● **Saved entries**
+ + + + +
Lemma min_mono_gen_monogen (I : K -> Prop) P :
  (forall f, I f <-> ideal_gen (monogen P) f) ->
  (forall i j i' j', P i j -> P i' j' -> i' <= i -> j' <= j -> i' = i /\ j' = j) ->
  forall i j, min_mono_gen k I i j <-> P i j.
Proof.
move=> IP antichain i j; split.
  move=> [/IP/mono_in_monogen[a [b [Pab ai bj]]] min_ij].
  have [[ea eb] | ne] := eqVneq (a, b) (i, j); first by rewrite -ea -eb.
  by case: (min_ij a b ai bj (elimN eqP ne)); apply/IP/ideal_gen_sub; exists a, b.
move=> Pij; split=> [|i' j' ii jj ne /IP/mono_in_monogen[a [b [Pab ai bj]]]].
  by apply/IP/ideal_gen_sub; exists i, j.
have [ea eb] := antichain i j a b Pij Pab (leq_trans ai ii) (leq_trans bj jj).
by apply: ne; congr pair; lia.
Qed.

End Monomials.

Definition bounded_combination (p : nat) (ts : seq nat) (e : nat -> nat) (a : nat) : Prop :=
  exists w : seq nat,
    size w = size ts /\
    (forall r, r < size w -> nth 0 w r <= e (nth 0 ts r)) /\
    a = \sum_(r < size w) nth 0 w r * p ^ nth 0 ts r.

Section BoundedCombination.
Variables (p : nat) (e : nat -> nat).

Lemma bounded_combination_nil a : bounded_combination p [::] e a <-> a = 0.
Proof.
split=> [[w [/size0nil -> [_ ->]]] | ->]; first by rewrite big_ord0.
by exists [::]; rewrite big_ord0.
Qed.

Lemma bounded_combination_cons t ts a :
  bounded_combination p (t :: ts) e a <->
  exists x b, [/\ x <= e t, bounded_combination p ts e b & a = x * p ^ t + b].
Proof.
split=> [[[|x w] [//= [size_w] [w_le ->]]] | [x [_ [xe [w [size_w [w_le ->]]] ->]]]].
  exists x, (\sum_(r < size w) nth 0 w r * p ^ nth 0 ts r).
  split; first exact: (w_le 0).
    by exists w; do 2!split=> //; move=> r; apply: (w_le r.+1).
  by rewrite big_ord_recl.
exists (x :: w); split; first by rewrite /= size_w.
split; last by rewrite big_ord_recl.
by case=> [|r] //=; rewrite ltnS; apply: w_le.
Qed.

Lemma bounded_combination_le ts a :
  bounded_combination p ts e a -> a <= \sum_(t <- ts) e t * p ^ t.
Proof.
elim: ts a => [|t ts IHts] a; first by move/bounded_combination_nil ->.
move/bounded_combination_cons=> [x [b [xe /IHts b_le ->]]].
by rewrite big_cons leq_add // leq_mul2r xe orbT.
Qed.

End BoundedCombination.

Lemma prod_frob_pow_max_monogen (k : fieldType) p e ts (f : {mpoly k[2]}) :
  (p \in [pchar k])%R ->
  foldr (fun t J => ideal_mul (ideal_frob (ideal_pow (max_ideal k) (e t)) (p ^ t)) J)
        (ideal_unit (R := {mpoly k[2]})) ts f <->
  ideal_gen (@monogen k (fun i j =>
    i + j = \sum_(t <- ts) e t * p ^ t /\ bounded_combination p ts e i)) f.
Proof.
move=> p_char; have pK : (p \in [pchar {mpoly k[2]}])%R := rmorph_pchar (@mpolyC 2 k) p_char.
elim: ts f => [|t ts IHts] f /=.
  rewrite ideal_unit_monogen; apply: monogen_ext => i j.
  rewrite big_nil bounded_combination_nil; lia.
have frob_pow g : ideal_frob (ideal_pow (max_ideal k) (e t)) (p ^ t) g <->
    ideal_gen (@monogen k (fun i j => exists i' j',
      [/\ i' + j' = e t, i = i' * p ^ t & j = j' * p ^ t])) g.
  rewrite (ideal_frob_ext _ (@ideal_pow_max_monogen k (e t))) ideal_frob_monogen //.
  by rewrite (eq_pnat _ (pcharf_eq pK)) pnatX pnat_id ?(pcharf_prime pK).
rewrite (ideal_mul_ext frob_pow IHts) ideal_mul_monogen.
apply: monogen_ext => i j; rewrite big_cons bounded_combination_cons; split.
  move=> [_ [_ [i2 [j2 [[i' [j' [ij' -> ->]]] [ij2 bc2] -> ->]]]]].
  split; last by exists i', i2; split=> //; lia.
  by rewrite -ij' mulnDl; lia.
move=> [ij [x [b [xe bc def_i]]]]; subst i.
have b_le := bounded_combination_le bc.
have xp_le : x * p ^ t <= e t * p ^ t by rewrite leq_mul2r xe orbT.
exists (x * p ^ t), ((e t - x) * p ^ t), b, (\sum_(t <- ts) e t * p ^ t - b).
split=> //; first by exists x, (e t - x); split=> //; lia.
  by split=> //; lia.
by rewrite mulnBl; lia.
Qed.

Lemma modn_exp_split p n t t' : t <= t' ->
  n %% p ^ t' = n %% p ^ t' %/ p ^ t * p ^ t + n %% p ^ t.
Proof.
move=> le_tt'; rewrite {1}(divn_eq (n %% p ^ t') (p ^ t)); congr (_ + _).
by rewrite (modn_dvdm _ (dvdn_exp2l p le_tt')).
Qed.

Lemma divn_addn_lt A B P : A < P -> B < P -> (A + B) %/ P = ((A + B) %% P < A).
Proof.
move=> AP BP; have P_gt0 : 0 < P by lia.
have := divn_eq (A + B) P; have := ltn_pmod (A + B) P_gt0.
have : (A + B) %/ P < 2 by rewrite ltn_divLR //; lia.
case: ((A + B) %/ P) => [|[|//]] _ lt_mod sum_eq.
  by have -> : ((A + B) %% P < A) = false by apply/negbTE; rewrite -leqNgt; lia.
by have -> : (A + B) %% P < A by lia.
Qed.

Section Digits.
Variable p : nat.
Hypothesis p_gt1 : 1 < p.

Lemma digit_mod n l : digit p n l = n %% p ^ l.+1 %/ p ^ l.
Proof. by rewrite /digit modn_divl expnS. Qed.

Lemma digit_sum_mod n l : \sum_(j < l) digit p n j * p ^ j = n %% p ^ l.
Proof.
elim: l => [|l IHl]; first by rewrite big_ord0 expn0 modn1.
by rewrite big_ord_recr /= IHl digit_mod addnC -modn_exp_split.
Qed.

Lemma digit_sum_seg n t t' : t <= t' ->
  \sum_(t <= j < t') digit p n j * p ^ (j - t) = n %% p ^ t' %/ p ^ t.
Proof.
move=> le_tt'; have pt_gt0 : 0 < p ^ t by rewrite expn_gt0 ltnW.
have -> : n %% p ^ t' =
    (\sum_(t <= j < t') digit p n j * p ^ (j - t)) * p ^ t + n %% p ^ t.
  rewrite -!digit_sum_mod -!(big_mkord xpredT (fun j => digit p n j * p ^ j)).
  rewrite (big_cat_nat (leq0n t) le_tt') /= addnC big_distrl /=; congr (_ + _).
  by rewrite !big_nat; apply: eq_bigr => j /andP[tj _]; rewrite -mulnA -expnD subnK.
by rewrite divnMDl // divn_small ?addn0 // ltn_pmod.
Qed.

Lemma ltn_exp_topidx d l : topidx p d < l -> d < p ^ l.
Proof. by move=> Ml; apply: leq_trans (trunc_log_ltn d p_gt1) _; rewrite leq_exp2l. Qed.

Lemma carryE d a l : a <= d -> carry p d a l = (d %% p ^ l < a %% p ^ l).
Proof.
move=> le_ad; have pl_gt0 : 0 < p ^ l by rewrite expn_gt0 ltnW.
rewrite /carry; case: ifP => [_ | l_out].
  rewrite (eq_bigr _ (fun j _ => mulnDl _ _ _)) big_split /= !digit_sum_mod.
  have -> : d %% p ^ l = (a %% p ^ l + (d - a) %% p ^ l) %% p ^ l by rewrite modnDm subnKC.
  set s := _ + _; rewrite {1}(divn_eq s (p ^ l)) addnK mulnK //.
  by apply: divn_addn_lt; rewrite ltn_pmod.
case: l l_out pl_gt0 => [|l] l_out _; first by rewrite expn0 !modn1.
have d_lt : d < p ^ l.+1 by apply: ltn_exp_topidx; move: l_out => /= /negbT; rewrite -ltnNge.
by rewrite !modn_small ?(leq_ltn_trans le_ad) // ltnNge le_ad.
Qed.

End Digits.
+ + + + +
● **What you have to do**
Return only the lines between the one holding "End Monomials." and the one holding "split=> [[[|x w]", inclusive, exactly as they appear above.

● **Task response**
End Monomials.

Definition bounded_combination (p : nat) (ts : seq nat) (e : nat -> nat) (a : nat) : Prop :=
  exists w : seq nat,
    size w = size ts /\
    (forall r, r < size w -> nth 0 w r <= e (nth 0 ts r)) /\
    a = \sum_(r < size w) nth 0 w r * p ^ nth 0 ts r.

Section BoundedCombination.
Variables (p : nat) (e : nat -> nat).

Lemma bounded_combination_nil a : bounded_combination p [::] e a <-> a = 0.
Proof.
split=> [[w [/size0nil -> [_ ->]]] | ->]; first by rewrite big_ord0.
by exists [::]; rewrite big_ord0.
Qed.

Lemma bounded_combination_cons t ts a :
  bounded_combination p (t :: ts) e a <->
  exists x b, [/\ x <= e t, bounded_combination p ts e b & a = x * p ^ t + b].
Proof.
split=> [[[|x w] [//= [size_w] [w_le ->]]] | [x [_ [xe [w [size_w [w_le ->]]] ->]]]].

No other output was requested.